Agreeing on a $1 trillion safety net may prove the easy part of saving the euro now the European Union’s leaders are turning to the divisive issue of tightening economic policy coordination.
The European Commission wants to reinforce economic surveillance and budget discipline to strengthen the euro zone and prevent a repeat of Greece’s debt crisis in any of the other 15 countries that use the single currency.
But a battle is looming over the proposals even before the first meeting on Friday of a task force set up by EU President Herman Van Rompuy to come up with ideas on how to toughen EU budget rules and improve policy coordination.
A call by the Commission to see governments’ budget plans before they are submitted to national parliaments has caused some countries to fear their sovereignty is threatened.
Divisions have also been exposed by a German ban this week on short-selling, despite a vow by Berlin and Paris on Thursday to work together on the euro zone crisis.
Concerns are growing that the EU, which represents more than 500 million people, will miss the best chance in years to agree on far-reaching reforms to stabilize the euro.
“The EU will have to cobble something together by the end of this year but it is an open question whether it will be meaningful or not,” said Daniel Gros, director of the Center for European Policy Studies think tank.
He said the 27 member states could find it is much harder to secure a deal on closer economic surveillance in talks that will last several months than it was to reach agreement on the €750 billion [$938.5 billion] safety under pressure from financial markets.
“If you’re in a situation where you have months to agree and everyone wants it be as perfect as possible on paper, but in reality containing as few constraints as possible on member states, the situation is completely different,” Gros said.
He said a meaningful deal might also be harder to come by if the euro recovers after falls in recent weeks and the 16-country euro zone’s sovereign debt crisis eases, reducing pressure on EU leaders to carry out far-reaching reforms.
GOOD TIMES, BAD TIMES
The euro has enjoyed many successful years in the 11 years since its creation but it has been undermined by the debt crisis in Greece, which has won a €110-billion ($137.7 billion) rescue package from the EU and International Monetary Fund.
The European Commission wants to tighten mutual fiscal supervision to ensure often-flouted rules on budget deficits and debt limits are respected, and wants faster and tougher sanctions imposed on budget sinners. It also wants surveillance of the vast differences in competitiveness between the euro zone countries beefed up.

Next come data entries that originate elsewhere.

(* Let $p_1,\dots,p_n\ge0$ with $\sum_ip_i=1$, integers $1\le d_1<d_2<\dots<d_n$ with $\sum_ip_id_i>1$, and let $j=\min\{i:p_i>0\}$. For $\lambda\in(0,1)$ let $\bar F_\lambda$ solve $\bar F'(w)=\lambda\sum_ip_i\bar F(w)^{d_i}-\bar F(w)$, $\bar F(0)=\lambda$, let $\mathbb E[W_\lambda]=\sum_ip_i\int_0^\infty\bar F_\lambda(w)^{d_i}dw$ and $p_\lambda=1-\sum_ip_i\lambda^{d_i}$. Then $$\lim_{\lambda\to0^+}-\frac{\mathbb E[W_\lambda]}{\log(p_\lambda)}=\frac1{d_j}\qquad\text{and}\qquad\lim_{\lambda\to1^-}-\frac{\mathbb E[W_\lambda]}{\log(p_\lambda)}=\frac1{\sum_ip_id_i-1}.$$
   Context: This is the LL($d_1,\dots,d_n,p_1,\dots,p_n$) policy with exponential(1) job sizes; $p_\lambda$ is the probability that a job is assigned to an idle server. *)

From Stdlib Require Import Reals.
From Coquelicot Require Import Coquelicot.
Open Scope R_scope.

(* sumI n f = f 0 + f 1 + ... + f (n-1)  (indices 0..n-1 stand for 1..n of the paper) *)
Fixpoint sumI (n : nat) (f : nat -> R) : R :=
  match n with
  | O => 0
  | S k => sumI k f + f k
  end.

Definition EW (n : nat) (p : nat -> R) (d : nat -> nat) (Fbar : R -> R) : R :=
  sumI n (fun i => p i * RInt_gen (fun w => Fbar w ^ d i)
                                  (at_point 0) (Rbar_locally p_infty)).

Definition plam (n : nat) (p : nat -> R) (d : nat -> nat) (lam : R) : R :=
  1 - sumI n (fun i => p i * lam ^ d i).

(* Write [pgf x = sum_i p_i x^(d_i)] and [rpgf x = pgf x / x].  The proof
   rests on the change of variables [x = F w] along the solution of
   [F' = lam * pgf F - F], [F 0 = lam]: first, [F] stays in (0,1) and decays
   exponentially (by continuous induction), so that
     [int_0^oo F(w)^(k+1) dw = int_0^lam x^k / (1 - lam rpgf x) dx],
   whence [E[W] = int_0^lam rpgf x / (1 - lam rpgf x) dx].
   - As [lam -> 0]: this integral lies between [int_0^lam rpgf] and that
     integral divided by [1 - lam], while [-ln p_lam] lies between [pgf lam]
     and [pgf lam / p_lam]; factoring [lam^(d_j)] out of both polynomials
     leaves continuous bounds that tend to [1 / d_j].
   - As [lam -> 1]: with [m = sum_i p_i d_i - 1 = rpgf'(1)], comparing
     [1 - rpgf x] with [m (1 - x)] from above and with [c (1 - x)] (any
     [c < m], near [x = 1]) from below shows [E[W] / (-ln (1 - lam)) -> 1/m],
     while [-ln p_lam = -ln (1 - lam) + O(1)]. *)

From Stdlib Require Import Reals Lra Lia Classical.
From Coquelicot Require Import Coquelicot.
Open Scope R_scope.

Lemma sumI_ext n f g : (forall i, (i < n)%nat -> f i = g i) -> sumI n f = sumI n g.
Proof.
  induction n as [|n IH]; simpl; intros H; [reflexivity|].
  rewrite IH, H; auto; intros; apply H; lia.
Qed.

Lemma sumI_le n f g : (forall i, (i < n)%nat -> f i <= g i) -> sumI n f <= sumI n g.
Proof.
  induction n as [|n IH]; simpl; intros H; [lra|].
  apply Rplus_le_compat; [apply IH; intros; apply H; lia | apply H; lia].
Qed.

But some national leaders are wary of taking steps towards greater economic integration. Doing so could be political risky in countries where the global financial crisis has increased nationalist sentiment.
There is also no appetite for treaty change to reinforce the budget rules, after the EU spent almost a decade securing agreement on the Lisbon treaty reforming its institutions.
France and Germany have said the Commission proposals go in the right direction, but they are likely to balk at giving others any influence over their budgets.
Germany and France also have difference visions of the euro zone’s future. Berlin favors tough budget discipline, while France puts more emphasis on close economic policy coordination and boosting economic growth.
“Monetary union hinges on Germany, and on a political level Germany can’t do anything without working together with France. They are the key decision makers in this,” said Fabian Zuleeg, chief economist at the European Policy Centre think tank.
“At the moment it’s in the big countries that there are questions but there will also be questions about how this will apply to weaker performing countries. Are they willing to sign up to something if it looks like it will have teeth? And if we are talking about automatic sanctions, countries such as Spain, Ireland and Portugal might have queries about it.”
Sweden has also expressed reservations about some of the proposals and they are unlikely to please Britain. But London and Stockholm are not in the euro zone so would not feel the impact of the planned reforms as extensively as others.
MERKEL IN DIFFICULT POSITION
German Chancellor Angela Merkel is in a particularly difficult position because many Germans resent being Europe’s paymasters, bailing out other nations they regard as profligate.
Any far-reaching reforms of the euro zone could face a challenge in the German constitutional court. Even so, Germany is widely expected to do what it takes to stabilize the euro.
Some EU leaders see the debt crisis as a chance to finally pursue the dream of closer economic union that was set out by the founders of what became the EU. Such moves have not been discussed so intensely by policymakers for years.
But economic analysts say the EU leaders need to narrow the gap between their rhetoric about a united and integrated Europe and the harsh reality of national interests and politics if they are to make much progress towards closer integration.
“The problem is that when countries signed up to the single currency they were not made aware that it would require such integration. Political elites need to start explaining why it does,” said Simon Tilford, chief economist at the Centre for European Reform in London.